The problem is that some bytes do not map cleanly to printable Unicode characters. The solution was a remapping scheme: common printable ASCII and Latin-1 characters are preserved as-is, while the remaining non-printable byte values are mapped to unused Unicode code points starting at 256. This also includes spaces and newline, that would break the format of the file storing the merges, as detailed above.

Concretely:

  • Space (byte 32) is mapped to Unicode code point 288 → Ġ
  • Newline (byte 10) is mapped to Unicode code point 266 → Ċ

The mapping is injective and reversible: by splitting any token string into its Unicode characters and reversing the mapping from Unicode characters back to byte values, you can recover the original byte sequence. The scheme guarantees a printable character, no collision with standard ASCII, and a clean round-trip back to bytes — exactly what the file-backed vocabulary format requires.

Why Represents a Space in SentencePiece Tokenizers

SentencePiece uses a different approach. Rather than a byte-level remapping, it simply replaces all whitespace characters with the lower one-eighth block character (U+2581) before tokenization.

The motivation is stability: text preprocessing pipelines sometimes trim, collapse, or normalize whitespace in inconsistent ways. By replacing spaces with a visible, safe placeholder before any merges are applied, SentencePiece ensures that tokenization is stable and reproducible regardless of external whitespace quirks. The character was chosen because it is visually distinct and very rare in natural text, making collisions with genuine input essentially impossible.

How Tokenizers Split Text After Training

The output of the BPE training step is an ordered list of merge rules, which together define the vocabulary. When a tokenizer encounters a new string at inference time, such as a user’s prompt, it does not run the training loop again. Instead, it applies the learned merges in a fast forward pass:

  1. Split into base units. For byte-level BPE, this means converting the input to its UTF-8 byte sequence and treating each byte as an individual token. For character-level variants, the input is split into Unicode characters.
  2. Apply merges greedily in learned order. Starting from the first merge rule, the tokenizer scans the token sequence and replaces all occurrences of the learned pair with the merged token. Then it moves to the second merge rule, and so on.
  3. Stop when no more merges apply. Once the tokenizer has exhausted the merge list or no remaining adjacent pairs match any rule, the current token sequence is the final tokenization.

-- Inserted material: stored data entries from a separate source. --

Definition diag3 (R : realType) (a b c : R) : 'M[R]_(4 + 4 + 4) :=
  diag_mx (row_mx (row_mx (const_mx a : 'rV[R]_4) (const_mx b)) (const_mx c)).

Definition DV (R : realType) (dx dy dz : R) : 'M[R]_8 :=
  (dx * dy * dz / 8) *: 1%:M.
Definition DV_invsqrt (R : realType) (dx dy dz : R) : 'M[R]_8 :=
  (Num.sqrt (dx * dy * dz / 8))^-1 *: 1%:M.
Definition DS (R : realType) (dx dy dz : R) : 'M[R]_(4 + 4 + 4) :=
  diag3 (dy * dz / 4) (dx * dz / 4) (dx * dy / 4).
Definition Dl (R : realType) (dx dy dz : R) : 'M[R]_(4 + 4 + 4) :=
  diag3 dx dy dz.

(* local node l (0-based, l = a + 2b + 4c) has offsets a, b, c *)
Definition loc_a (l : 'I_8) : nat := l %% 2.
Definition loc_b (l : 'I_8) : nat := (l %/ 2) %% 2.
Definition loc_c (l : 'I_8) : nat := l %/ 4.

Definition Hcell (R : realType) (hbar m dx dy dz : R) (Uloc : 'I_8 -> R)
  : 'M[R]_8 :=
  (hbar ^+ 2 / (2 * m)) *:
     (Dmat R *m DS dx dy dz *m invmx (Dl dx dy dz) *m (Dmat R)^T)
  + DV dx dy dz *m diag_mx (\row_l Uloc l).

Definition dt_CFL_gen (R : realType) (hbar m dx dy dz : R) (Uloc : 'I_8 -> R)
  : R :=
  2 / spectral_radius
        (hbar^-1 *: (DV_invsqrt dx dy dz *m Hcell hbar m dx dy dz Uloc
                       *m DV_invsqrt dx dy dz)).

(* CFL limit of the whole region; U is indexed by 0-based nodes
   (paper node (i,j,k) = our (i-1,j-1,k-1)). *)
Definition dt_CFL (R : realType) (hbar m dx dy dz : R) (nx ny nz : nat)
  (U : 'I_nx.+1 -> 'I_ny.+1 -> 'I_nz.+1 -> R) : R :=
  2 / ((2 * hbar / m) * (dx ^- 2 + dy ^- 2 + dz ^- 2)
       + (\big[Num.max/0]_(i < nx.+1) \big[Num.max/0]_(j < ny.+1)
            \big[Num.max/0]_(k < nz.+1) `|U i j k|) / hbar).

Definition cellU (R : realType) (nx ny nz : nat)
  (U : 'I_nx.+1 -> 'I_ny.+1 -> 'I_nz.+1 -> R)
  (i : 'I_nx) (j : 'I_ny) (k : 'I_nz) : 'I_8 -> R :=
  fun l => U (inord (i + loc_a l)) (inord (j + loc_b l)) (inord (k + loc_c l)).

From HB Require Import structures.
From mathcomp Require Import all_boot all_order all_algebra.
From mathcomp Require Import complex mxtens.
From mathcomp Require Import boolp classical_sets reals.
From mathcomp Require Import ring lra.
Set Implicit Arguments.
Unset Strict Implicit.
Unset Printing Implicit Defensive.
Import Order.TTheory GRing.Theory Num.Theory.
Local Open Scope ring_scope.

(* For a single cell, A := hbar^-1 D_V''^(-1/2) H D_V''^(-1/2) is a real
   symmetric matrix with entries (hbar / (2 m V)) (D W D^T)_ij + delta_ij U_j / hbar,
   where V = dx dy dz / 8 and W = D_S'' (D_l')^-1 is diagonal and positive.
   Every edge of the cell has two end nodes and every node lies on one edge in
   each direction, so each absolute column sum of A is at most
   (2 hbar / m)(dx^-2 + dy^-2 + dz^-2) + max |U| / hbar, which by Gershgorin
   bounds rho(A).  Being symmetric and nonzero, A is not nilpotent, so it has a
   nonzero eigenvalue and rho(A) > 0; hence 2 / rho(A) >= dt_CFL for every cell. *)

Local Notation liftC A := (map_mx (fun x => x%:C%C) A).

Section ComplexLift.
Variable R : rcfType.

Lemma normc_real (x : R) : `|x%:C%C| = `|x|%:C%C.
Proof. by rewrite normc_def /= expr0n /= addr0 sqrtr_sqr. Qed.

Lemma normc_ReE (z : R[i]) : `|z| = (complex.Re `|z|)%:C%C.
Proof. by rewrite RRe_real // normr_real. Qed.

The ordering of merge rules matters. A pair that was merged earlier in training due to higher frequency gets priority over pairs merged later. This is what gives BPE its greedy, frequency-aware character: common sequences collapse into single tokens early, while rare or novel sequences remain split into their more primitive constituents.

Alternative Approaches

BPE is not the only subword tokenization algorithm, and it is worth briefly understanding the alternatives and why BPE has prevailed in practice.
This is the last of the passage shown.